The properties file is a Java properties file.

The properties file for CSVs can specify values for the following virtual graph properties:

Property	Description	Default
`csv.separator`	character for separating fields	`,`
`csv.quote`	The character used to enclose fields in a delimited file. Used for strings that contain field separator characters. To escape a CSV Quote character within a string that is enclosed in CSV Quote characters, use two consecutive CSV Quote characters	`"`
`csv.escape`	character for escaping special characters
`csv.header`	boolean value for specifying whether or not the input file has a header line at the beginning	`true`
`csv.hash.function`	the hash function to use for fields prefixed with a `#`	`SHA1`
`csv.skip.empty`	Whether to treat empty (zero-length) fields in delimited files as null	`true`
`unique.key.sets`	the set of columns that uniquely identify each row

The csv.escape character is used as an alternative to the csv.quote character. To escape a csv.quote character within a string that is enclosed in csv.quote characters, use two consecutive csv.quote characters. Do not set csv.escape to the csv.quote character.
Note that whitespace characters in the Java properties file format need to be escaped, so if you want to import tab-separated value files, set csv.separator=\t in the properties file.
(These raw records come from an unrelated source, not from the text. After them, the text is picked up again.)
Lemma odd_cycle_ear C D y1 p1 y2 p2 :
  uniq D -> cycle e D -> odd (size D) -> [disjoint C & D] ->
  tight_path e [set z in D] [set z in C] (y1, p1) ->
  tight_path e [set z in D] [set z in C] (y2, p2) ->
  uniq ((y1 :: p1) ++ (y2 :: p2)) ->
  exists E, [/\ is_xy_path e (last y1 p1) (last y2 p2) E, ~~ odd (size E) &
                [disjoint C & interior E]].
Proof.
move=> uniqD cycD odd_D disCD tight1 tight2.
rewrite cat_uniq => /and3P[uniq1 /hasPn dis12 uniq2'].
have uniq2 : uniq p2 by case/andP: uniq2'.
case/tight_pathP: tight1; rewrite /pend /= !inE => pp1 y1D x1C /hasPn nDp1 /hasPn nCp1.
case/tight_pathP: tight2; rewrite /pend /= !inE => pp2 y2D x2C /hasPn nDp2 /hasPn nCp2.
have nD1 z : z \in p1 -> z \notin D by move/nDp1; rewrite /= inE.
have nD2 z : z \in p2 -> z \notin D by move/nDp2; rewrite /= inE.
have nC1 z : z \in belast y1 p1 -> z \notin C by move/nCp1; rewrite /= inE.
have nC2 z : z \in belast y2 p2 -> z \notin C by move/nCp2; rewrite /= inE.
have notCD z : z \in C -> z \in D -> False by apply/disjoint_seqP.
have y12 : y1 != y2 by apply: contraNneq (dis12 y2 (mem_head _ _)) => ->; apply: mem_head.
(* The two arcs of the odd cycle D between y1 and y2 have different parities. *)
have [R [[xyR subR] parR]] :
    exists R, arc_in D y1 y2 R /\ odd (size R) = odd (size p1 + size p2).
  have [R1 [R2 [arc1 arc2 sizeR _ _]]] := cycle_arcs uniqD cycD y1D y2D y12.
  case: (boolP (odd (size R1) == odd (size p1 + size p2))) => [/eqP par1|par1].
    by exists R1.
  exists R2; split=> //; move: odd_D par1; rewrite -sizeR oddD.
  by case: (odd (size R1)); case: (odd (size R2)); case: odd.
case/and3P: xyR => pR /eqP lR uR.
have nR1 z : z \in R -> z \notin y1 :: p1.
  move=> zR; rewrite inE negb_or; apply/andP; split.
    by apply: contraTneq zR => ->; case/andP: uR.
  by apply/negP => /nD1/negP; apply; apply: subR; rewrite inE zR orbT.
exists (revp y1 p1 ++ R ++ p2); split.
- rewrite /is_xy_path cat_path last_revp cat_path pR lR pp2 last_cat last_revp last_cat lR eqxx.
  rewrite path_revp // -cat_cons revp_cons cat_uniq rev_uniq uniq1 cat_uniq uniq2.
  have uniqR : uniq R by case/andP: uR.
  rewrite uniqR /= andbT; apply/andP; split.
    apply/hasPn => z; rewrite mem_cat mem_rev => /orP[/nR1 //|zp2].
    by apply: dis12; rewrite inE zp2 orbT.
  apply/hasPn => z zp2; apply/negP => zR.
  by move/negP: (nD2 z zp2); apply; apply: subR; rewrite inE zR orbT.
- by rewrite !size_cat size_revp addnCA oddD parR addbb.
- apply/disjoint_seqP => z zC /mem_interior_cat; rewrite mem_cat mem_rev.
  case/orP=> [/nC1|/mem_interior_cat]; first by rewrite zC.
  rewrite mem_cat => /orP[zR|].
    by case: (notCD z zC); apply: subR; rewrite inE zR orbT.
  by rewrite (interior_belast y2) => /mem_behead/nC2; rewrite zC.
Qed.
Example CSV Properties File

Suppose we wanted to import a TSV file without a defined header - we could include the following properties in our properties file:

cars.properties

csv.header=false
csv.separator=\t

CSV Mapping File

The mapping file for importing CSV files must be expressed in SMS2.

Unlike all other Virtual Graph data sources, the WHERE clause in SMS2 mappings for text files supports any SPARQL query function when BIND-ing transformed values to new variables.

See the Example CSV Import for more details on creating a mapping.

A mapping file can be omitted if a properties file is provided. See Automatically Generated Mappings for more information.
Stardog Designer’s CSV Upload can also be used to quickly import CSV files without having to create an SMS2 mapping. Note, if more complex transformations are needed, you’ll need to create your own SMS2 mapping and import the CSV from the command line.

CSV Header with Dots and Spaces in Column Name

Stardog will allow you to import a CSV file that has column names containing .’s and spaces. If you are creating a mapping, you’ll need to be able to refer to these column names in the TO and WHERE clauses. Stardog’s mapping parser will fail to parse a variable name like ?first.name to reference a CSV column name first.name.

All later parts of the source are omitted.